Silence and the impenetrable darkness answered.

Flattery felt alone and now there was a painful chill around his flesh, a signal that skin sensation was returning to normal.

One of the crew had warned them before they had thrown the switch to ignite the artificial consciousness. Flattery could not recall who had voiced the warning but he remembered it.

“There must be a threshold of consciousness beyond which a conscious being takes on attributes of God.”

Whoever said it had seen a truth.

Who is bringing me out of hyb and why?

“Somebody’s there! Who is it?”

Speaking still hurt his throat and his mind was not working properly—that icy core of untouchable memories.

“Come on! Who’s there?”

He knew somebody was there. He could feel the familiar presence of . . .

Ship!

“Okay, Ship. I’m awake.”

“So you assume.”

That chiding voice could never sound human. It was too impossibly controlled. Every slightest nuance, every inflection, every modulated resonance conveyed a perfection which put it beyond the reach of humans.

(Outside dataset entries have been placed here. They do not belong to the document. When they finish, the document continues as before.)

Theorem theorem1p4 (R : realType) (g : nat) (Pi : 'M[R[i]]_(g, g + g))
  (n : nat) (F : 'I_n -> 'I_n -> 'M[R[i]]_g) :
  simple_abelian_variety Pi -> (2 <= n)%N -> is_auto_pow Pi F ->
  (symmetric_condition Pi F <->
   exists (s : 'S_n) (f h : 'M[R[i]]_g),
     is_endo Pi f /\ is_endo Pi h /\
     forall i j, F i j = if s i == j then f else h).
Proof.
move=> [[hL _] [g_gt0 _]] n_gt1 autoF; rewrite symmetric_condition_equivariant //.
have [endoF [G [_ [FG GF]]]] := autoF.
split=> [Feq | [s [f [h [_ [_ Fs]]]]]]; last exact: shape_equivariant Fs.
have [s [f [h Fs]]] := equivariant_shape g_gt0 n_gt1 FG GF Feq.
by exists s, f, h; have [endof endoh] := shape_endo endoF n_gt1 Fs.
Qed.
(* [is_series_plus] and [is_series_ext] state their equations in [NormedModule.sort _ _],
   where [ring] does not apply; these are their instances over [R]. *)
Lemma is_series_Rplus (a b : nat -> R) la lb :
  is_series a la -> is_series b lb -> is_series (fun n => a n + b n) (la + lb).
Proof. exact (is_series_plus a b la lb). Qed.

Lemma is_series_ext_R (a b : nat -> R) l :
  (forall n, a n = b n) -> is_series a l -> is_series b l.
Proof. exact (is_series_ext a b l). Qed.

Lemma is_series_0 : is_series (fun _ : nat => 0) 0.
Proof.
  assert (H := is_series_scal_r 0 _ _ (is_series_geom 0 ltac:(rewrite Rabs_R0; lra))).
  rewrite Rmult_0_r in H. exact (is_series_ext_R _ _ _ (fun n => Rmult_0_r _) H).
Qed.

Lemma is_series_shift (a : nat -> R) z l :
  is_series (fun n => a (S n) * z ^ n) l -> is_series (fun n => a n * z ^ n) (a 0%nat + z * l).
Proof.
  intros H. apply is_series_decr_1.
  match goal with
  | |- is_series _ ?v => replace v with (z * l) by (unfold plus, opp; simpl; ring)
  end.
  apply (is_series_ext_R (fun n => z * (a (S n) * z ^ n))); [intros n; simpl; ring|].
  exact (is_series_scal_l z _ _ H).
Qed.

Lemma is_series_le (a b : nat -> R) la lb :
  (forall n, a n <= b n) -> is_series a la -> is_series b lb -> la <= lb.
Proof.
  intros Hab Ha Hb.
  apply (is_lim_seq_le (sum_n a) (sum_n b) la lb); [|exact Ha|exact Hb].
  intros N. now apply sum_n_m_le.
Qed.
(* Let $P_n(x)$ be a real polynomial all of whose roots are real, with $m\ge 3$ distinct roots $p_1<\dots<p_m$. Let $\mu=\min_{i\ne j}|p_i-p_j|$ and $M=\max_{i,j}|p_i-p_j|$. Define $$\mu_0^2=\Big[\sum_{1\le i<j\le m}(p_i-p_j)^{-2}\Big]^{-1},\qquad \mu_k^2=\Big(\sum_{1\le i<j\le m}\frac{1}{(p_i-p_j)^2-\mu_{k-1}^2}\Big)^{-1}+\mu_{k-1}^2\ (k\ge1),$$ $$M_0^2=\sum_{1\le i<j\le m}(p_j-p_i)^2,\qquad M_k^2=\Big(\sum_{1\le i<j\le m}\frac{1}{(p_i-p_j)^2-M_{k-1}^2}\Big)^{-1}+M_{k-1}^2\ (k\ge1).$$ Then these are well defined with $0<\mu_k<\mu$ and $M_k>M$ for all $k\ge0$, and each $\mu_k^2$ and each $M_k^2$ ($k=0,1,2,\dots$) can be expressed as a rational function of the coefficients of $P_n(x)$. *)

From mathcomp Require Import all_boot all_order all_algebra.
From mathcomp Require Import mpoly.
Set Implicit Arguments. Unset Strict Implicit. Unset Printing Implicit Defensive.
Import Order.TTheory GRing.Theory Num.Theory.
Local Open Scope ring_scope.

Section Defs.
Variable R : rcfType.

Definition all_roots_real (P : {poly R}) : Prop :=
  exists rs : seq R, P = lead_coef P *: \prod_(r <- rs) ('X - r%:P).

Definition pairsum (m : nat) (p : 'I_m -> R) (f : R -> R) : R :=
  \sum_(i < m) \sum_(j < m | (i < j)%N) f (p i - p j).
(* Let $M$ be a tame paving matroid of rank $n$ with set of dependent hyperplanes $\mathcal{L}$, and let $\mathcal{Q}=\{Q_1,\ldots,Q_k\}$ be a nice partition of $\mathcal{L}$. Let $\operatorname{rank}$ denote the rank function of $M(\mathcal{Q})$. Then (i) $\operatorname{rank}(l)=n-1$ for every $l\in\mathcal{L}$; and (ii) if $l_1,l_2\in\mathcal{L}$ lie in different parts of $\mathcal{Q}$, then $\operatorname{rank}(l_1\cup l_2)=n$.
   Context: A matroid of rank $n$ is paving ($n$-paving) if every circuit has size $n$ or $n+1$; a dependent hyperplane is a maximal subset of size at least $n$ all of whose $n$-subsets are circuits; tame means any three distinct dependent hyperplanes have empty intersection. For a partition $\mathcal{Q}$ of $\mathcal{L}$, set $H_i=\bigcup_{l\in Q_i}l$; $M(\mathcal{Q})$ is the matroid on the ground set of $M$ whose circuits are (Type 1) the $(n-1)$-subsets contained in $H_i\cap H_j$ for some $i\ne j$, (Type 2) the $n$-subsets of some $H_i$ containing no Type 1 set, (Type 3) the $(n+1)$-subsets containing no Type 1 or Type 2 set. For $L\subseteq\mathcal{L}$ with $|L|\ge2$, $M^L$ is the $n$-paving matroid on $\bigcup_{l\in L}l$ whose set of dependent hyperplanes is $L$. An $n$-paving matroid $N$ on $E$ is liftable if for every tuple $(\gamma_e)_{e\in E}$ in $\mathbb{C}^n$ spanning a hyperplane $H$ and every $q\notin H$ there exist scalars $z_e$ with $(\gamma_e+z_eq)$ in the circuit variety of $N$ (tuples whose restriction to every dependent set of $N$ is linearly dependent) and not all in a common hyperplane. $\mathcal{Q}$ is nice if (i) $M^{Q_i}$ is not liftable whenever $|Q_i|\ge2$, and (ii) no $l\notin Q_i$ satisfies $l\subseteq\bigcup_{l'\in Q_i}l'$. *)

From HB Require Import structures.
From mathcomp Require Import all_boot all_order all_algebra complex.
From mathcomp Require Import Rstruct.
Set Implicit Arguments. Unset Strict Implicit. Unset Printing Implicit Defensive.
Import GRing.Theory.

Section Matroids.
Variable E : finType.

Definition circuit_axioms (C : {set {set E}}) : Prop :=
  [/\ set0 \notin C,
      (forall C1 C2, C1 \in C -> C2 \in C -> C1 \subset C2 -> C1 = C2) &
      (forall C1 C2 e, C1 \in C -> C2 \in C -> C1 != C2 -> e \in C1 :&: C2 ->
         exists2 C3, C3 \in C & C3 \subset (C1 :|: C2) :\ e)].

Definition indep (C : {set {set E}}) (X : {set E}) : bool :=
  [forall Y : {set E}, (Y \in C) ==> ~~ (Y \subset X)].

Definition mrank (C : {set {set E}}) (X : {set E}) : nat :=
  \max_(I : {set E} | (I \subset X) && indep C I) #|I|.

Definition dependent (C : {set {set E}}) (X : {set E}) : bool := ~~ indep C X.

Definition paving (n : nat) (C : {set {set E}}) : Prop :=
  [/\ circuit_axioms C, mrank C setT = n &
      forall Y, Y \in C -> #|Y| = n \/ #|Y| = n.+1].

Definition hyp_candidate (n : nat) (C : {set {set E}}) (X : {set E}) : bool :=
  (n <= #|X|) &&
  [forall Y : {set E}, ((Y \subset X) && (#|Y| == n)) ==> (Y \in C)].

Definition dep_hyps (n : nat) (C : {set {set E}}) : {set {set E}} :=
  [set H : {set E} | maxset (hyp_candidate n C) H].

Definition tame (n : nat) (C : {set {set E}}) : Prop :=
  forall H1 H2 H3, H1 \in dep_hyps n C -> H2 \in dep_hyps n C ->
    H3 \in dep_hyps n C -> H1 != H2 -> H1 != H3 -> H2 != H3 ->
    H1 :&: H2 :&: H3 = set0.

(* H_i = cover Q_i = union of the l in Q_i *)
Definition type1 (n : nat) (Q : {set {set {set E}}}) (X : {set E}) : bool :=
  (#|X| == n.-1) &&
  [exists Qi in Q, exists Qj in Q, (Qi != Qj) && (X \subset cover Qi :&: cover Qj)].

Definition type2 (n : nat) (Q : {set {set {set E}}}) (X : {set E}) : bool :=
  [&& #|X| == n, [exists Qi in Q, X \subset cover Qi] &
      ~~ [exists Y : {set E}, (Y \subset X) && type1 n Q Y]].

Definition type3 (n : nat) (Q : {set {set {set E}}}) (X : {set E}) : bool :=
  (#|X| == n.+1) &&
  ~~ [exists Y : {set E}, (Y \subset X) && (type1 n Q Y || type2 n Q Y)].

Definition MQ (n : nat) (Q : {set {set {set E}}}) : {set {set E}} :=
  [set X : {set E} | [|| type1 n Q X, type2 n Q X | type3 n Q X]].

(* ---- M^L: the n-paving matroid on (cover L) with dependent hyperplanes L.
   Its circuits: the n-subsets of some l in L, and the (n+1)-subsets of
   cover L containing no such n-subset. ---- *)
Definition ML (n : nat) (L : {set {set E}}) : {set {set E}} :=
  [set X : {set E} | (X \subset cover L) &&
     (((#|X| == n) && [exists l in L, X \subset l]) ||
      ((#|X| == n.+1) &&
        ~~ [exists Y : {set E},
              [&& Y \subset X, #|Y| == n & [exists l in L, Y \subset l]]]))].

Definition CC := complex Rdefinitions.R.

Definition vecs (n : nat) (v : E -> 'rV[CC]_n) (X : {set E}) : seq 'rV[CC]_n :=
  [seq v e | e <- enum X].
(** A block meeting a cylinder [N_s] with [s] ending in a zero either extends [s]
    or is an initial segment of [s]: its block of ones cannot cover that zero. *)
Lemma block_meets_zero_cylinder j s y :
  Nbasic (block j) y -> Nbasic s y ->
  (1 <= length s)%nat -> nth (length s - 1) s false = false ->
  is_prefix s (enum_string j) \/ is_prefix (block j) s.
Proof.
  intros Hb Hs Hlen Hzero.
  assert (He : Nbasic (enum_string j) y) by (eapply Nbasic_prefix; [apply prefix_enum_block|exact Hb]).
  destruct (Nat.le_gt_cases (length s) (length (enum_string j))) as [Hle|Hgt].
  - left. eapply prefix_of_Nbasic; eauto.
  - destruct (Nat.le_gt_cases (length (block j)) (length s)) as [Hle'|Hgt'].
    + right. eapply prefix_of_Nbasic; eauto.
    + exfalso. assert (Hone := block_ones j (length s - 1) ltac:(lia)).
      rewrite <- Hb, Hs in Hone by lia. congruence.
Qed.

(** Near a point outside [U0], at each level where it has a zero, [U0] has density
    at most [1/2]: the relevant blocks are those extending that level, of total
    weight at most [2^{-n} * 1/2]. *)
Lemma U0_low_density x n :
  ~ U0 x -> (1 <= n)%nat -> x (n - 1)%nat = false -> density U0 x n <= /2.
Proof.
  intros Hx Hn Hzero. set (s := restr x n).
  assert (Hs : length s = n) by apply restr_length.
  assert (Hbound : mu (cinter U0 (Nbasic s)) <= (/2) ^ n * /2).
  { apply mu_le.
    exists (fun j => if excluded_middle_informative (is_prefix s (enum_string j))
                     then Some (block j) else None). split.
    - intros y [[j Hj] Hy]. exists j, (block j).
      destruct (block_meets_zero_cylinder j s y Hj Hy) as [Hp|Hp];
        [lia | rewrite Hs; unfold s; rewrite restr_nth by lia; exact Hzero | |].
      + destruct (excluded_middle_informative _); [auto|contradiction].
      + exfalso. apply Hx. exists j. eapply Nbasic_prefix; [exact Hp|apply Nbasic_restr].
    - intro M. eapply Rle_trans.
      + apply (sum_Rle _ (fun j => (/2) ^ (j + 2) * (/2) ^ n)). intros j _.
        destruct (excluded_middle_informative _) as [[Hl _]|]; simpl.
        * rewrite weight_block, Rmult_comm. apply Rmult_le_compat_l;
            [left; apply pow_half_pos | apply pow_half_antitone; lia].
        * apply Rmult_le_pos; left; apply pow_half_pos.
      + rewrite <- scal_sum. pose proof (geometric_bound M). pose proof (pow_half_pos n).
        apply Rmult_le_compat_l; lra. }
  unfold density. fold s. rewrite mu_basic, Hs.
  pose proof (pow_half_pos n). unfold Rdiv.
  apply Rmult_le_reg_r with ((/2) ^ n); [lra|].
  rewrite Rmult_assoc, Rinv_l by lra. lra.
Qed.

Lemma Phi_U0 x : Phi U0 x <-> U0 x.
Proof.
  split; [|apply open_sub_Phi, U0_open].
  intro HPhi. apply NNPP. intro Hx. revert HPhi. apply low_density_not_Phi.
  intro N. destruct (U0_compl_zeros x Hx N) as [i [Hi Hxi]].
  exists (S i). split; [lia|]. apply U0_low_density; auto; [lia|].
  replace (S i - 1)%nat with i by lia. exact Hxi.
Qed.
(* Candidate positive roots, indices are 1-based (eps_1,...,eps_n). *)
Inductive proot :=
| Rm of nat & nat   (* Rm i j = eps_i - eps_j *)
| Rp of nat & nat   (* Rp i j = eps_i + eps_j *)
| Rs of nat         (* Rs i   = eps_i   (type B) *)
| Rl of nat.        (* Rl i   = 2 eps_i (type C) *)

Definition isPos (t : rtype) (n : nat) (r : proot) : Prop :=
  match r with
  | Rm i j | Rp i j => (1 <= i)%N /\ (i < j)%N /\ (j <= n)%N
  | Rs i => t = TB /\ (1 <= i <= n)%N
  | Rl i => t = TC /\ (1 <= i <= n)%N
  end.

Definition vec (r : proot) (k : nat) : int :=
  match r with
  | Rm i j => (k == i)%:Z - (k == j)%:Z
  | Rp i j => (k == i)%:Z + (k == j)%:Z
  | Rs i => (k == i)%:Z
  | Rl i => 2 * (k == i)%:Z
  end.

Definition dot (n : nat) (a b : proot) : int :=
  \sum_(1 <= k < n.+1) vec a k * vec b k.

Definition rcol (r : proot) : nat :=
  match r with Rm i _ | Rp i _ | Rs i | Rl i => i end.

Definition rrow (r : proot) : int :=
  match r with
  | Rm _ j => j%:Z
  | Rp _ j => - j%:Z
  | Rs _ => 0
  | Rl i => - i%:Z
  end.

Definition is_diff (r a b : proot) : Prop := forall k, vec r k = vec a k - vec b k.
Definition is_sum (r a b : proot) : Prop := forall k, vec r k = vec a k + vec b k.

Definition S_ (t : rtype) (n : nat) (beta a : proot) : Prop :=
  isPos t n a /\ exists r, isPos t n r /\ is_diff r beta a.

Definition Splus (t : rtype) (n : nat) (beta a : proot) : Prop :=
  match t, beta with
  | TC, Rl i => exists l, (i < l <= n)%N /\ a = Rp i l
  | _, _ => S_ t n beta a /\ rcol a = rcol beta
  end.

Definition Sminus (t : rtype) (n : nat) (beta a : proot) : Prop :=
  S_ t n beta a /\ ~ Splus t n beta a.

Definition orthogonal_set (t : rtype) (n : nat) (D : proot -> Prop) : Prop :=
  (forall r, D r -> isPos t n r) /\
  (forall a b, D a -> D b -> a <> b -> dot n a b = 0).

But that voice told him that he once more was a pawn of Ship. He was a small cog in the workings of this Infinite Power which he had helped to release upon an unsuspecting universe. This realization filled him with remembered terrors and an immediate awesome fear of the agonies which Ship might visit upon him for his failures. He was tormented by visions of Hell . . .

I failed . . . I failed . . . I failed . . .

Chapter 2

St Augustine asked the right question: “Does freedom come from chance or choice?” And you must remember that quantum mechanics guarantees chance.

—Raja Flattery,
The Book of Ship

USUALLY MORGAN Oakes took out his nightside angers and frustrations in long strides down any corridor of the ship where his feet led him.

Not this time!
he told himself.

He sat in shadows and sipped a glass of astringent wine. Bitter, but it washed the taste of the ship’s foul joke from his tongue. The wine had come at his demand, a demonstration of his power in these times of food shortages. The first bottle from the first batch. How would they take it groundside when he ordered the wine improved?

Oakes raised the glass in an ancient gesture:
Confusion to You, Ship!

The wine was too raw. He put it aside.

Oakes knew the figure he cut, sitting here trembling in his cubby while he stared at the silent com-console beside his favorite couch. He increased the light slightly.

Once more the ship had convinced him that its program was running down. The ship was getting senile. He was the Chaplain/Psychiatrist and the ship tried to poison him! Others were fed from shiptits—not frequently and not much, but it happened. Even he had been favored once, before he became Ceepee, and he still remembered the taste—richly satisfying. It was a little like the stuff called “burst” which Lewis had developed groundside. An attempt to duplicate elixir. Costly stuff, burst. Wasteful. And not elixir-—no, not elixir.

He stared at the curved screen of the console beside him. It returned a dwarfed reflection of himself: an overweight, heavy-shouldered man in a one-piece suit of shipcloth which appeared vaguely gray in this light. His features were strong: a thick chin, wide mouth, beaked nose and bushy eyebrows over dark eyes, a bit of silver at the temples. He touched his temples. The reduced reflection exaggerated his feeling that he had been made small by Ship’s treatment of him. His reflection showed him his own fear.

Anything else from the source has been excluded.